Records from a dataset
--------------------

(* For every stream covering $\rho:E\to B$, the induced functors $\mathrm{T}_1(\rho):\mathrm{T}_1E\to\mathrm{T}_1B$ and $\mathrm{T}_1(\rho)^{op}:(\mathrm{T}_1E)^{op}\to(\mathrm{T}_1B)^{op}$ are op-fibrations of small categories.
   Context: Streams: a circulation on a space $X$ assigns to each open $V\subset X$ a preorder $\leqslant_V$ such that for every collection $\mathcal{O}$ of open sets, $\leqslant_{\bigcup\mathcal{O}}$ is the preorder with smallest graph containing $\bigcup_{V\in\mathcal{O}}\mathrm{graph}(\leqslant_V)$; a stream is a space with a circulation; a stream map $f:X\to Y$ is continuous with $f(x)\leqslant_V f(y)$ whenever $x\leqslant_{f^{-1}V}y$. An open substream of $X$ is an open $V$ with circulation $W\mapsto\leqslant_W$. A stream covering is a surjective stream map $\rho:E\to B$ such that $B$ is covered by open substreams whose preimages are disjoint unions of open substreams each mapped by $\rho$ isomorphically (as streams) onto the corresponding open substream. $\vec\square[1]$ is $[0,1]$ with circulation $x\leqslant_V y$ iff $x\le y$ and $[x,y]\subset V$; a dipath is a stream map from $\vec\square[1]$. The fundamental category $\mathrm{T}_1X$ has the points of $X$ as objects and, as morphisms $x\to y$, classes of dipaths $x\leadsto y$ modulo homotopy relative $\{0,1\}$ through dipaths, composed by concatenation; $\mathrm{T}_1$ is functorial in stream maps. A functor $F:\mathcal{C}\to\mathcal{D}$ is an op-fibration if for each object $c$ of $\mathcal{C}$, every morphism of $\mathcal{D}$ with source $F(c)$ lifts uniquely along $F$ to a morphism of $\mathcal{C}$ with source $c$. *)

From Stdlib Require Import Reals Relations.
Open Scope R_scope.

Record prestream := {
  car : Type;
  sopen : (car -> Prop) -> Prop;
  circ : (car -> Prop) -> car -> car -> Prop
}.

Definition bigU {X : Type} (O : (X -> Prop) -> Prop) : X -> Prop :=
  fun x => exists V, O V /\ V x.

(** A stream: the open sets form a topology, and the circulation axiom holds:
    for every collection O of open sets, <=_{U O} is the preorder on U O with
    smallest graph containing the union of the graphs of the <=_V, V in O.
    (Extensionality clauses make opens/circulation depend only on the set.) *)
Definition is_stream (X : prestream) : Prop :=
  sopen X (fun _ => True) /\
  (forall O : (car X -> Prop) -> Prop,
      (forall V, O V -> sopen X V) -> sopen X (bigU O)) /\
  (forall U V, sopen X U -> sopen X V -> sopen X (fun x => U x /\ V x)) /\
  (forall U V : car X -> Prop, (forall x, U x <-> V x) -> sopen X U -> sopen X V) /\
  (forall U V : car X -> Prop, (forall x, U x <-> V x) ->
      forall x y, circ X U x y <-> circ X V x y) /\
  (forall O : (car X -> Prop) -> Prop,
      (forall V, O V -> sopen X V) ->
      forall x y, circ X (bigU O) x y <->
        (bigU O x /\ bigU O y /\
         clos_refl_trans (car X) (fun a b => exists V, O V /\ circ X V a b) x y)).

Definition is_stream_map (X Y : prestream) (f : car X -> car Y) : Prop :=
  (forall V, sopen Y V -> sopen X (fun x => V (f x))) /\
  (forall V, sopen Y V -> forall x y,
      circ X (fun z => V (f z)) x y -> circ Y V (f x) (f y)).

Definition is_stream_iso (X Y : prestream) (f : car X -> car Y) : Prop :=
  exists g : car Y -> car X,
    is_stream_map X Y f /\ is_stream_map Y X g /\
    (forall x, g (f x) = x) /\ (forall y, f (g y) = y).

Definition substream (X : prestream) (V : car X -> Prop) : prestream := {|
  car := { x : car X | V x };
  sopen := fun P => exists W, sopen X W /\ forall s, P s <-> W (proj1_sig s);
  circ := fun P a b =>
    circ X (fun z => exists s, P s /\ proj1_sig s = z) (proj1_sig a) (proj1_sig b)
|}.

(** U is evenly covered: its preimage is a disjoint union of open substreams,
    each mapped by rho isomorphically (as streams) onto the substream U. *)
Definition evenly_covered (E B : prestream) (rho : car E -> car B)
    (U : car B -> Prop) : Prop :=
  exists F : (car E -> Prop) -> Prop,
    (forall W, F W -> sopen E W) /\
    (forall x, U (rho x) <-> bigU F x) /\
    (forall W1 W2 x, F W1 -> F W2 -> W1 x -> W2 x -> forall z, W1 z <-> W2 z) /\
    (forall W, F W ->
       exists phi : car (substream E W) -> car (substream B U),
         (forall s, proj1_sig (phi s) = rho (proj1_sig s)) /\
         is_stream_iso (substream E W) (substream B U) phi).

Definition is_stream_covering (E B : prestream) (rho : car E -> car B) : Prop :=
  is_stream_map E B rho /\
  (forall b, exists x, rho x = b) /\
  (forall b, exists U, sopen B U /\ U b /\ evenly_covered E B rho U).

Definition Ropen (U : R -> Prop) : Prop :=
  forall x, U x -> exists eps, 0 < eps /\ forall y, Rabs (y - x) < eps -> U y.

Definition I01 : prestream := {|
  car := { t : R | 0 <= t <= 1 };
  sopen := fun P => exists W, Ropen W /\ forall s, P s <-> W (proj1_sig s);
  circ := fun P a b => proj1_sig a <= proj1_sig b /\
            forall s, proj1_sig a <= proj1_sig s <= proj1_sig b -> P s
|}.

Lemma i0_proof : 0 <= 0 <= 1. Proof. split; [apply Rle_refl | apply Rle_0_1]. Qed.
Lemma i1_proof : 0 <= 1 <= 1. Proof. split; [apply Rle_0_1 | apply Rle_refl]. Qed.
Definition i0 : car I01 := exist _ 0 i0_proof.
Definition i1 : car I01 := exist _ 1 i1_proof.

Definition is_dipath (X : prestream) (g : car I01 -> car X) : Prop :=
  is_stream_map I01 X g.

Definition sq_open (P : car I01 -> car I01 -> Prop) : Prop :=
  forall s t, P s t -> exists eps, 0 < eps /\ forall s' t',
    Rabs (proj1_sig s' - proj1_sig s) < eps ->
    Rabs (proj1_sig t' - proj1_sig t) < eps -> P s' t'.

Definition dihomotopic (X : prestream) (g h : car I01 -> car X) : Prop :=
  exists H : car I01 -> car I01 -> car X,
    (forall V, sopen X V -> sq_open (fun s t => V (H s t))) /\
    (forall s, is_dipath X (H s)) /\
    (forall s, H s i0 = g i0 /\ H s i1 = g i1) /\
    (forall t, H i0 t = g t) /\
    (forall t, H i1 t = h t).

(** * Categories presented by objects, (valid) arrows with source/target,
    and an equality relation on arrows (morphisms = arrows up to aeq). *)
Record catP := {
  Ob : Type;
  Arr : Type;
  isArr : Arr -> Prop;
  src : Arr -> Ob;
  tgt : Arr -> Ob;
  aeq : Arr -> Arr -> Prop
}.

Definition opcat (C : catP) : catP := {|
  Ob := Ob C; Arr := Arr C; isArr := isArr C;
  src := tgt C; tgt := src C; aeq := aeq C |}.

Record functorP (C D : catP) := {
  Fob : Ob C -> Ob D;
  Farr : Arr C -> Arr D
}.
Arguments Fob {C D} _ _.
Arguments Farr {C D} _ _.

Definition opfunctor {C D : catP} (F : functorP C D) : functorP (opcat C) (opcat D) :=
  Build_functorP (opcat C) (opcat D) (Fob F) (Farr F).

Definition op_fibration {C D : catP} (F : functorP C D) : Prop :=
  forall (c : Ob C) (g : Arr D), isArr D g -> src D g = Fob F c ->
    (exists f, isArr C f /\ src C f = c /\ aeq D (Farr F f) g) /\
    (forall f1 f2, isArr C f1 -> isArr C f2 -> src C f1 = c -> src C f2 = c ->
       aeq D (Farr F f1) g -> aeq D (Farr F f2) g -> aeq C f1 f2).

(** The fundamental category T1 X: objects are points, morphisms x -> y are
    dipaths x ~> y modulo dihomotopy (composition by concatenation). *)
Definition T1 (X : prestream) : catP := {|
  Ob := car X;
  Arr := car I01 -> car X;
  isArr := is_dipath X;
  src := fun g => g i0;
  tgt := fun g => g i1;
  aeq := dihomotopic X |}.

Definition T1f {X Y : prestream} (f : car X -> car Y) : functorP (T1 X) (T1 Y) :=
  Build_functorP (T1 X) (T1 Y) f (fun (g : car I01 -> car X) t => f (g t)).

From Stdlib Require Import Reals Relations Lra Lia.
From Stdlib Require Import Classical ClassicalEpsilon ProofIrrelevance FunctionalExtensionality.
Open Scope R_scope.

(** The proof follows classical covering space theory, with directedness
    checked locally.  Lifting a morphism [g] of [T1 B] from a point [c] over
    its source (or, for the opposite functor, over its target) needs:
    - existence of a continuous lift of [g] through [c], which is a dipath
      because inside a sheet [rho] is a stream isomorphism, so the
      circulation of [E] is pulled back from that of [B];
    - uniqueness of the lift up to dihomotopy: two dihomotopies
      [rho f1 ~ g ~ rho f2] are glued into a square map, lifted through [c],
      and the edges of the lifted square are identified with [f1], [f2] and
      constant paths by unique lifting along segments. *)

(** Clamping a real into [0,1]; it extends maps on [0,1] to all of R. *)
Definition clamp (x : R) : R := Rmax 0 (Rmin 1 x).

Lemma clamp_in x : 0 <= clamp x <= 1.
Proof. unfold clamp, Rmax, Rmin. repeat destruct Rle_dec; lra. Qed.

Lemma clamp_id x : 0 <= x <= 1 -> clamp x = x.
Proof. unfold clamp, Rmax, Rmin. repeat destruct Rle_dec; lra. Qed.

Lemma clamp_lip x y : Rabs (clamp x - clamp y) <= Rabs (x - y).
Proof.
  unfold clamp, Rmax, Rmin. repeat destruct Rle_dec; unfold Rabs; repeat destruct Rcase_abs; lra.
Qed.

Lemma lub_approx (S : R -> Prop) m z : is_lub S m -> z < m -> exists r, S r /\ z < r.
Proof.
  intros [_ Hleast] Hz. apply NNPP. intro Hnone. assert (m <= z); [|lra].
  apply Hleast. intros r Hr. destruct (Rle_dec r z); auto.
  exfalso; apply Hnone; exists r; split; auto; lra.
Qed.

Lemma lipschitz_continuous (f : R -> R) :
  (forall a b, Rabs (f a - f b) <= Rabs (a - b)) -> forall x, continuity_pt f x.
Proof.
  intros Hf x eps Heps. exists eps. split; auto. intros y [_ Hy]. simpl in *. unfold R_dist in *.
  eapply Rle_lt_trans; [apply Hf|exact Hy].
Qed.

Lemma ball_shrink x r x' r' x'' :
  Rabs (x' - x) + r' <= r -> Rabs (x'' - x') < r' -> Rabs (x'' - x) < r.
Proof.
  intros H1 H2. pose proof (Rabs_triang (x'' - x') (x' - x)) as Htri.
  replace (x'' - x' + (x' - x)) with (x'' - x) in Htri by ring. lra.
Qed.

(** The proof takes [reach x y], the supremum (capped at 1) of
    the good radii, which is positive and 1-Lipschitz, and minimizes it on the
    compact square, first in [y] and then in [x]. *)
Section Lebesgue.
Variable P : R -> R -> R -> Prop.
Hypothesis P_shrink : forall x y r x' y' r', P x y r -> 0 < r' ->
  Rabs (x' - x) + r' <= r -> Rabs (y' - y) + r' <= r -> P x' y' r'.
Hypothesis P_local : forall x y, 0 <= x <= 1 -> 0 <= y <= 1 -> exists r, 0 < r /\ P x y r.

(** The good radii at the clamped point, together with all nonpositive
    reals so that the set is inhabited. *)
Let good x y r := r <= 0 \/ (r <= 1 /\ P (clamp x) (clamp y) r).

Lemma good_bound x y : bound (good x y).
Proof. exists 1. intros r [H|[H _]]; lra. Qed.
Lemma good_inhabited x y : exists r, good x y r.
Proof. exists 0. left; lra. Qed.

Let reach x y := proj1_sig (completeness (good x y) (good_bound x y) (good_inhabited x y)).

Lemma reach_lub x y : is_lub (good x y) (reach x y).
Proof. unfold reach. destruct completeness; auto. Qed.

Lemma reach_good x y r : 0 < r -> r <= 1 -> P (clamp x) (clamp y) r -> r <= reach x y.
Proof. intros. apply (proj1 (reach_lub x y)). right; auto. Qed.

Lemma reach_pos x y : 0 < reach x y.
Proof.
  destruct (P_local (clamp x) (clamp y) (clamp_in x) (clamp_in y)) as [r [Hr HP]].
  assert (Hmin : 0 < Rmin r 1 <= 1) by (unfold Rmin; destruct Rle_dec; lra).
  enough (Rmin r 1 <= reach x y) by lra.
  apply reach_good; try lra. eapply P_shrink; [exact HP| | |];
    unfold Rmin; destruct Rle_dec; rewrite ?Rminus_diag, ?Rabs_R0; lra.
Qed.

Lemma reach_lip x y x' y' : reach x y - Rmax (Rabs (x' - x)) (Rabs (y' - y)) <= reach x' y'.
Proof.
  set (h := Rmax (Rabs (x' - x)) (Rabs (y' - y))).
  assert (Hx : Rabs (x' - x) <= h) by apply Rmax_l.
  assert (Hy : Rabs (y' - y) <= h) by apply Rmax_r.
  destruct (Rle_dec (reach x y - h) (reach x' y')) as [|Hn]; auto. exfalso.
  destruct (lub_approx _ _ (reach x' y' + h) (reach_lub x y)) as [r [Hr Hlt]]; [lra|].
  pose proof (reach_pos x' y'). pose proof (Rabs_pos (x' - x)).
  destruct Hr as [Hr|[Hr1 Hr2]]; [lra|].
  enough (r - h <= reach x' y') by lra.
  apply reach_good; [lra|lra|]. eapply P_shrink; [exact Hr2|lra| |].
  - pose proof (clamp_lip x' x); lra.
  - pose proof (clamp_lip y' y); lra.
Qed.

Lemma reach_lip_y x y y' : Rabs (reach x y - reach x y') <= Rabs (y - y').
Proof.
  pose proof (reach_lip x y x y') as H1. pose proof (reach_lip x y' x y) as H2.
  rewrite Rminus_diag, Rabs_R0 in *.
  rewrite Rmax_right in H1, H2 by apply Rabs_pos. rewrite Rabs_minus_sym in H1.
  unfold Rabs at 1; destruct Rcase_abs; lra.
Qed.

Lemma argmin_y x : {ym | (forall c, 0 <= c <= 1 -> reach x ym <= reach x c) /\ 0 <= ym <= 1}.
Proof.
  apply constructive_indefinite_description. apply continuity_ab_min; [lra|].
  intros c _. apply lipschitz_continuous. intros; apply reach_lip_y.
Qed.

Let min_reach x := reach x (proj1_sig (argmin_y x)).

Lemma min_reach_le x c : 0 <= c <= 1 -> min_reach x <= reach x c.
Proof. intros Hc. unfold min_reach. destruct (argmin_y x) as [ym [H Hym]]. simpl. auto. Qed.

Lemma min_reach_lip x x' : min_reach x - Rabs (x' - x) <= min_reach x'.
Proof.
  unfold min_reach at 2. destruct (argmin_y x') as [ym [Hmin Hym]]. simpl.
  pose proof (reach_lip x ym x' ym) as H. rewrite Rminus_diag, Rabs_R0 in H.
  rewrite Rmax_left in H by apply Rabs_pos. pose proof (min_reach_le x ym Hym). lra.
Qed.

--------------------

*Brief:*
What you give back must be the stretch above, starting at the line with "- uniqueness of" and ending at the line with "and the edges", copied exactly.

*Task response:*
    - uniqueness of the lift up to dihomotopy: two dihomotopies
      [rho f1 ~ g ~ rho f2] are glued into a square map, lifted through [c],
      and the edges of the lifted square are identified with [f1], [f2] and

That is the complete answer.